Lemma join_cover_open n : U `<=` dopen d -> join_cover T U n `<=` dopen d.
Proof.
move=> oU _ [g [Ug ->]]; elim: n Ug => [|n IH] Ug.
  by rewrite bigcap_ltn0; apply: dopenT.
rewrite bigcap_ltnS; apply: dopenI.
  by apply: IH => i lt_in; apply: Ug; rewrite ltnS ltnW.
by apply: dopen_preimage (dcontinuous_iter n T_cont) (oU _ (Ug n _)).
Qed.

Lemma join_cover_finite n : finite_set U -> finite_set (join_cover T U n).
Proof.
move=> finU; elim: n => [|n IH].
  apply: (@sub_finite_set _ _ [set setT]); last exact: finite_set1.
  by move=> _ [g [_ ->]]; rewrite bigcap_ltn0.
apply: (@sub_finite_set _ _
  [set A `&` (iter n T @^-1` B) | A in join_cover T U n & B in U]); last first.
  exact: finite_image2.
move=> _ [g [Ug ->]].
exists (\bigcap_(i in [set i | (i < n)%N]) (iter i T @^-1` g i)).
  by exists g; split => // i lt_in; apply: Ug; rewrite ltnS ltnW.
by exists (g n); [apply: Ug|rewrite bigcap_ltnS].
Qed.

Lemma join_cover_covers n : (forall y, exists2 A, U A & A y) ->
  forall y, exists2 C, join_cover T U n C & C y.
Proof.
move=> covU y; pose g i := projT1 (cid2 (covU (iter i T y))).
have gP i : U (g i) /\ g i (iter i T y) by rewrite /g; case: cid2.
exists (\bigcap_(i in [set i | (i < n)%N]) (iter i T @^-1` g i)).
  by exists g; split => // i _; case: (gP i).
by move=> i _ /=; case: (gP i).
Qed.

Lemma join_cover_borel n : open_cover d U -> borel_cover d (join_cover T U n).
Proof.
move=> [finU oU covU]; split; first exact: join_cover_finite.
  by move=> A /(join_cover_open oU); apply: dopen_borel.
exact: join_cover_covers.
Qed.

End JoinCover.

Section Separated.
Variables (R : realType) (X : choiceType) (d : X -> X -> R) (T : X -> X).
Hypotheses (d_metric : is_metric d) (T_cont : dcontinuous_map d T).
Hypothesis d_cpt : dcompact d.
Local Notation dn := (dn d T).

Lemma separated_size_bound n (del : R) : 0 < del -> exists N : nat,
  forall s : seq X, uniq s ->
  (forall a b, a \in s -> b \in s -> a != b -> del < dn n a b) -> (size s <= N)%N.
Proof.
move=> del_gt0.
have cover y : exists z, [set w | dn n z w < del / 2] y.
  by exists y; rewrite /= dn_xx // divr_gt0.
have [t ht] := d_cpt (fun y => @dopen_dn_lt _ _ _ _ d_metric T_cont n y (del / 2)) cover.
have near_t a : exists y, y \in t /\ dn n y a < del / 2.
  by have /hasP[y yt /asboolP ya] := ht a; exists y.
pose c a := projT1 (cid (near_t a)).
have cP a : c a \in t /\ dn n (c a) a < del / 2 := projT2 (cid (near_t a)).
exists (size t) => s us sep_s.
have c_inj : {in s &, injective c}.
  move=> a b sa sb cab; apply/eqP; apply: contraT => neq_ab.
  have := sep_s a b sa sb neq_ab; have := dn_triangle T d_metric n a (c a) b.
  rewrite (dnC T d_metric n a (c a)) {2}cab; have [_ ?] := cP a; have [_ ?] := cP b.
  lra.
rewrite -(size_map c); apply: uniq_leq_size; first by rewrite map_inj_in_uniq.
by move=> y /mapP[a _ ->]; case: (cP a).
Qed.

(* A maximal separated set is spanning: every point of K is d_n-close to it. *)
Lemma exists_spanning_separated n (del : R) K : 0 < del -> exists s : seq X,
  [/\ uniq s, Defs.separated d T n del K [set` s] &
      forall y, K y -> exists2 a, a \in s & dn n a y <= del].
Proof.
move=> del_gt0; have [N size_le] := separated_size_bound n del_gt0.
pose sep_of_size k := `[< exists s : seq X, [/\ uniq s, size s = k, [set` s] `<=` K &
   forall a b, a \in s -> b \in s -> a != b -> del < dn n a b] >].
have sep_of_size0 : exists k, sep_of_size k.
  by exists 0%N; apply/asboolP; exists [::].
have size_ub k : sep_of_size k -> (k <= N)%N.
  by move=> /asboolP[s [us <- _]]; apply: size_le.
case: (ex_maxnP sep_of_size0 size_ub) => _ /asboolP[s [us <- sK sep_s]] max_m.
exists s; split => //.
  by split=> [|//|a b /= sa sb /eqP]; [exact: finite_seq|apply: sep_s].
move=> y Ky; apply: contrapT => far_y.
have far a : a \in s -> del < dn n a y.
  by move=> sa; rewrite ltNge; apply/negP => ?; apply: far_y; exists a.
have ys : y \notin s.
  by apply/negP => sy; have := far y sy; rewrite dn_xx // ltNge ltW.
suff /max_m : sep_of_size (size s).+1 by rewrite ltnn.
apply/asboolP; exists (y :: s); split => //=; first by rewrite ys.
  by move=> z /=; rewrite inE => /orP[/eqP->|/sK].
move=> a b; rewrite !inE => /orP[/eqP->|sa] /orP[/eqP->|sb]; rewrite ?eqxx //.
- by rewrite dnC //; move=> _; apply: far.
- by move=> _; apply: far.
- exact: sep_s.
Qed.
Lemma eq_inord (i : 'I_N) p : (p < N)%N -> (i == inord p) = (nat_of_ord i == p).
Proof. by move=> p_lt; rewrite -val_eqE /= inordK. Qed.

Lemma partner_lt (i : 'I_N) : (partner i < N)%N.
Proof. by have := ltn_ord i; rewrite /partner; repeat case: ifP => ?; lia. Qed.

Lemma partner_neq i : partner i != i.
Proof. by rewrite /partner; repeat case: ifP => ?; lia. Qed.

Lemma paired_root_mx_row i :
  root_vec (row i paired_root_mx) (inord (partner i)) i 1 (partner_sign i).
Proof.
split.
- apply/eqP => /(congr1 val)/=; rewrite inordK ?partner_lt //.
  by apply/eqP/partner_neq.
- by [].
- by rewrite /pm1 /partner_sign; case: ifP.
- by move=> j; rewrite !mxE eq_inord ?partner_lt.
Qed.

Lemma paired_root_rows : root_rows paired_root_mx.
Proof. by move=> i; do 4!eexists; apply: paired_root_mx_row. Qed.

Section Columns.
Variables (R : nzRingType) (c : 'rV[R]_N).
Local Notation A := (map_mx intr paired_root_mx).

Lemma mulmx_paired_root (j : 'I_N) :
  (c *m A) 0 j =
    (partner_sign j)%:~R * c 0 j + \sum_(i : 'I_N | partner i == j) c 0 i.
Proof.
rewrite mxE; under eq_bigr do rewrite !mxE intrD mulrDr.
rewrite big_split /= addrC; congr (_ + _).
  rewrite (bigD1 j) //= eqxx big1 ?addr0 => [|i ij].
    by rewrite mulrzr mulrzl.
  by rewrite eq_sym (negbTE ij) mulr0z mulr0.
rewrite (bigID (fun i : 'I_N => partner i == j)) /= [X in _ + X]big1 ?addr0.
  by apply: eq_bigr => i /eqP<-; rewrite eqxx mulr1.
by move=> i /negbTE ij; rewrite eq_sym ij mulr0z mulr0.
Qed.

Lemma sum_partner_pred1 (j p : nat) : (p < N)%N ->
  (forall i : 'I_N, (partner i == j) = (nat_of_ord i == p)) ->
  \sum_(i : 'I_N | partner i == j) c 0 i = c 0 (inord p).
Proof.
move=> p_lt partnerE; rewrite (eq_bigl (pred1 (inord p))) ?big_pred1_eq // => i.
by rewrite partnerE /= eq_inord.
Qed.

Lemma paired_col_lt j : (j < k)%N ->
  (c *m A) 0 (inord j) = - c 0 (inord j) + c 0 (inord (j + k)).
Proof.
move=> j_lt; rewrite mulmx_paired_root inordK; last by lia.
rewrite /partner_sign j_lt mulrN1z mulN1r (@sum_partner_pred1 _ (j + k)) //.
  by lia.
by move=> i; apply/eqP/eqP; rewrite /partner; repeat case: ifP => ?; lia.
Qed.

Lemma paired_col_mid j : (k <= j < k.*2)%N ->
  (c *m A) 0 (inord j) = c 0 (inord j) + c 0 (inord (j - k)).
Proof.
move=> j_mid; rewrite mulmx_paired_root inordK; last by lia.
rewrite /partner_sign ifF; last by lia.
rewrite mul1r (@sum_partner_pred1 _ (j - k)) //.
  by lia.
by move=> i; apply/eqP/eqP; rewrite /partner; repeat case: ifP => ?; lia.
Qed.

Lemma paired_col_2k1 :
  (c *m A) 0 (inord k.*2.+1) = c 0 (inord k.*2.+1) + c 0 (inord k.*2).
Proof.
rewrite mulmx_paired_root inordK; last by lia.
rewrite /partner_sign ifF; last by lia.
rewrite mul1r (@sum_partner_pred1 _ k.*2) //.
  by lia.
by move=> i; apply/eqP/eqP; rewrite /partner; repeat case: ifP => ?; lia.
Qed.

Lemma paired_col_gt (j : 'I_N) : (k.*2.+1 < j)%N -> (c *m A) 0 j = c 0 j.
Proof.
move=> j_gt; rewrite mulmx_paired_root /partner_sign ifF; last by lia.
rewrite mul1r big_pred0 ?addr0 // => i.
by apply/negbTE/eqP; rewrite /partner; repeat case: ifP => ?; lia.
Qed.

......

# [What is expected]
Within the listing above, extract exactly the lines from the line with "Proof. by have" to the line with "Local Notation A", the two named lines included, and no others.

# [Solution to the problem]
Proof. by have := ltn_ord i; rewrite /partner; repeat case: ifP => ?; lia. Qed.

Lemma partner_neq i : partner i != i.
Proof. by rewrite /partner; repeat case: ifP => ?; lia. Qed.

Lemma paired_root_mx_row i :
  root_vec (row i paired_root_mx) (inord (partner i)) i 1 (partner_sign i).
Proof.
split.
- apply/eqP => /(congr1 val)/=; rewrite inordK ?partner_lt //.
  by apply/eqP/partner_neq.
- by [].
- by rewrite /pm1 /partner_sign; case: ifP.
- by move=> j; rewrite !mxE eq_inord ?partner_lt.
Qed.

Lemma paired_root_rows : root_rows paired_root_mx.
Proof. by move=> i; do 4!eexists; apply: paired_root_mx_row. Qed.

Section Columns.
Variables (R : nzRingType) (c : 'rV[R]_N).
Local Notation A := (map_mx intr paired_root_mx).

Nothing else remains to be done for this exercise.